第二段:‘Four score and seven years ago our fathers brought forth on this continent, a new nation, conceived in Liberty, and dedicated to the proposition that all men are created equal.’
第三段:"We are met on a great battle-field of that war. We have come to dedicate a portion of that field, as a final resting place for those who here gave their lives that nation might live. "
输出:
(0, u'0.032*"conceive" + 0.032*"dedicate" + 0.032*"nation" + 0.032*"life"')
(1, u'0.059*"conceive" + 0.059*"score" + 0.059*"seven" + 0.059*"proposition"')
(2, u'0.103*"nation" + 0.071*"dedicate" + 0.071*"great" + 0.071*"field"')
(3, u'0.032*"conceive" + 0.032*"nation" + 0.032*"dedicate" + 0.032*"rest"')
(4, u'0.032*"conceive" + 0.032*"nation" + 0.032*"dedicate" + 0.032*"battle"')
本文将简单介绍如何使用Python 的nltk、spacy、gensim包,实现包括预处理流程在内的LDA算法。
#第一次使用需要首先下载en包:
#python -m spacy download en
import spacy
spacy.load('en_core_web_sm')
from spacy.lang.en import English
parser = English()
#对文章内容进行清洗并将单词统一降为小写
def tokenize(text):
lda_tokens = []
tokens = parser(text)
for token in tokens:
if token.orth_.isspace():
continue
elif token.like_url:
lda_tokens.append('URL')
elif token.orth_.startswith('@'):
lda_tokens.append('SCREEN_NAME')
else:
lda_tokens.append(token.lower_)
return lda_tokens
lemma与stem都是NLP中常用的对于单词的处理:
lemma 将变形了的单词还原为元单词 “dictionaries”–>“dictionary”
stem 从单词中抽取词根 “dictionaries”—>“dict”
#引入一个同义词、近义词、反义词包
import nltk
#第一次使用需要下载这个nltk包
# nltk.download('wordnet')
from nltk.corpus import wordnet as wn
def get_lemma(word):
#dogs->dog
#aardwolves->aardwolf'
#sichuan->sichuan
lemma = wn.morphy(word)
if lemma is None:
return word
else:
return lemma
#第一次使用需要下载停顿词
# nltk.download('stopwords')
en_stop = set(nltk.corpus.stopwords.words('english'))

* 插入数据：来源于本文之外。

(* ---- The symmetrized functions ----
   sym a e z n = sum_{sigma in S_k} prod_{B<A} (z_{s A} - a z_{s B})/(z_{s A} - z_{s B})
                  * prod_j (1 - z_{s j})^{e n_j}
   understood as the value at z of the symmetric Laurent polynomial in the 1 - z_i
   (no distinctness of the z_i needed).  Concretely: multiply by
   W^m := prod_j (1-z_j)^m (m = sum_j |n_j|), which makes it a polynomial in z;
   restrict to the line z(t) = z + t (0,1,...,k-1), on which it equals P(t)/D(t)
   with P(t) = sum_s sgn(s) prod_{B<A}(z_{sA}(t) - a z_{sB}(t)) prod_j (1-z_{sj}(t))^{m + e n_j}
   and D(t) = prod_{B<A}(z_A(t) - z_B(t)) (a nonzero polynomial, dividing P);
   evaluate the polynomial quotient at t = 0 and divide by W^m. *)
Definition Zt z (j : 'I_k) : {poly R} := (z j)%:P + (j%:R) *: 'X.
Definition Wt z (j : 'I_k) : {poly R} := 1 - Zt z j.
Definition mexp n : nat := \sum_(j : 'I_k) absz (n j).

Definition sym_num a (e : int) z n : {poly R} :=
  \sum_(s : 'S_k) (-1) ^+ odd_perm s *
     (\prod_(A : 'I_k) \prod_(B : 'I_k | (B < A)%N) (Zt z (s A) - a *: Zt z (s B))) *
     \prod_(j : 'I_k) Wt z (s j) ^+ absz ((mexp n)%:Z + e * n j).

Definition sym_den z : {poly R} :=
  \prod_(A : 'I_k) \prod_(B : 'I_k | (B < A)%N) (Zt z A - Zt z B).

Definition sym a (e : int) z n : R :=
  ((sym_num a e z n) %/ (sym_den z)).[0] / \prod_(j : 'I_k) (1 - z j) ^+ mexp n.

Definition Psi_l q z n : R := sym q (-1) z n.
Definition Psi_cfwd q z n : R := sym q^-1 1 z n.
Definition Psi_r q z n : R := Psi_cfwd q z n / Cq q n.

End Defs.

From HB Require Import structures.
From mathcomp Require Import all_boot all_order all_algebra all_fingroup.
From mathcomp Require Import zify ring.
Import Order.TTheory GRing.Theory Num.Theory.
Local Open Scope ring_scope.
Set Implicit Arguments. Unset Strict Implicit. Unset Printing Implicit Defensive.

(* By definition Psi = sym a e z n = (N %/ D).[0] / W^m, where N is an alternating
   sum over S_k evaluated along perturbed points Zt and D is their Vandermonde.
   1. Alternants: sum_s sgn s prod_j f_j(x_(s j)) is the Vandermonde of x times a
      determinant.  Expanding each factor x_(sA) - a x_(sB) of N shows N = D * Q
      with Q explicit, so Psi = Q.[0] / W^m exactly.
   2. Padding all exponents by d multiplies Q by (prod_j W_j)^d, so Psi may be
      computed with any large enough padding; n and its neighbours n +/- e_i are
      then compared with one common padding.
   3. Raising the i-th exponent multiplies the s-term of N by W_(s i): summing
      over i gives the free equation, and the antisymmetry under the adjacent
      transposition (i i+1) gives the boundary relation.
   4. On W^k a sum over cluster ends telescopes, thanks to the boundary relation,
      into (1 - q) times a full sum; and C_q transforms under the move of a
      cluster head exactly by the coefficients of H^fwd.
   The theorem combines 3 and 4 with (a, e) = (q, -1) and (q^-1, 1). *)

Section Alternant.
Variable S : comNzRingType.
Variable k : nat.

Definition vand (x : 'I_k -> S) : S :=
  \prod_(A : 'I_k) \prod_(B : 'I_k | (B < A)%N) (x A - x B).

(* The coefficients of f reduced modulo prod_l ('X - x_l), a polynomial of degree
   < k that agrees with f at every x_l. *)
Definition alt_rem (x : 'I_k -> S) (f : {poly S}) (l : 'I_k) : S :=
  (Pdiv.Ring.rmodp f (\prod_(l < k) ('X - (x l)%:P)))`_l.

Lemma horner_alt_rem (x : 'I_k -> S) (f : {poly S}) (i : 'I_k) :
  f.[x i] = \sum_(l < k) alt_rem x f l * x i ^+ l.
Proof.
rewrite /alt_rem; set P := \prod_(l < k) ('X - (x l)%:P).
have mP : P \is monic by apply: monic_prod_XsubC.
have sP : size P = k.+1 by rewrite /P -big_enum /= size_prod_XsubC size_enum_ord.
set r := Pdiv.Ring.rmodp f P.
have sr : (size r <= k)%N by have := Pdiv.Ring.ltn_rmodpN0 f (monic_neq0 mP); rewrite sP.
have Pxi : P.[x i] = 0 by rewrite horner_prod (bigD1 i) //= hornerXsubC subrr mul0r.
rewrite {1}(Pdiv.RingMonic.rdivp_eq mP f) hornerD hornerM Pxi mulr0 add0r.
by rewrite (horner_coef_wide _ sr).
Qed.

Definition alt_det (x : 'I_k -> S) (f : 'I_k -> {poly S}) : S :=
  \det (\matrix_(j, l) alt_rem x (f j) l).

(* Alternant factorization: an alternating sum of products of polynomial values
   is divisible by the Vandermonde product (via det (C * Vandermonde)). *)
Lemma alternant_factor (x : 'I_k -> S) (f : 'I_k -> {poly S}) :
  \sum_(s : 'S_k) (-1) ^+ odd_perm s * \prod_(j : 'I_k) (f j).[x (s j)]
  = vand x * alt_det x f.
Proof.
rewrite /alt_det; set C := \matrix_(j, l) alt_rem x (f j) l.
have -> : \sum_(s : 'S_k) (-1) ^+ odd_perm s * \prod_(j : 'I_k) (f j).[x (s j)]
    = \det (C *m Vandermonde k (\row_i x i)).
  rewrite [RHS]/determinant; apply: eq_bigr => s _; congr (_ * _).
  apply: eq_bigr => j _; rewrite !mxE horner_alt_rem.
  by apply: eq_bigr => l _; rewrite !mxE.
rewrite det_mulmx det_Vandermonde mulrC; congr (_ * _).
rewrite /vand pair_big_dep /= pair_big_dep /=.
rewrite (reindex (fun p : 'I_k * 'I_k => (p.2, p.1))) /=; last first.
  by exists (fun p : 'I_k * 'I_k => (p.2, p.1)) => [[]|[]].
by apply: eq_bigr => p _; rewrite !mxE.
Qed.

Lemma alternant_factor_prod (x : 'I_k -> S) (I : finType) (iota : I -> 'I_k)
    (h : I -> {poly S}) (g : 'I_k -> {poly S}) :
  \sum_(s : 'S_k) (-1) ^+ odd_perm s *
     (\prod_(p : I) (h p).[x (s (iota p))] * \prod_(j : 'I_k) (g j).[x (s j)])
  = vand x * alt_det x (fun j => (\prod_(p | iota p == j) h p) * g j).
Proof.
rewrite -alternant_factor; apply: eq_bigr => s _; congr (_ * _).
rewrite (partition_big iota xpredT) //= -big_split /=.
apply: eq_bigr => j _; rewrite hornerM horner_prod; congr (_ * _).
by apply: eq_bigr => p /eqP ->.
Qed.

End Alternant.

Section SymmetrizedValue.
Variable R : numClosedFieldType.
Variable k : nat.
Implicit Types (a : R) (e : int) (z : 'I_k -> R) (n : 'I_k -> int) (ex : 'I_k -> nat).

预处理的过程包括以上所提及的分词、lemma处理及停顿词处理
#定义预处理函数
def prepare_text_for_lda(text):
#分词处理
tokens = tokenize(text)
#取出长度大于4的单词
tokens = [token for token in tokens if len(token) > 4]
#取出非停顿词
tokens = [token for token in tokens if token not in en_stop]
#对词语进行还原
tokens = [get_lemma(token) for token in tokens]
return tokens
通过预处理函数加载文本集合,需要注意的是,gensim:models.ldamodel 处理对象是一个文本集合而不是文本集,因此其输入应该为[[],``````,[]]结构而不是[]
text_1 = u"Now we are engaged in a great civil war, testing whether that nation, or any nation so conceived and so dedicated, can long endure. It is altogether fitting and proper that we should do this."
text_2 = u'Four score and seven years ago our fathers brought forth on this continent, a new nation, conceived in Liberty, and dedicated to the proposition that all men are created equal.'
text_3 = u"We are met on a great battle-field of that war. We have come to dedicate a portion of that field, as a final resting place for those who here gave their lives that nation might live. "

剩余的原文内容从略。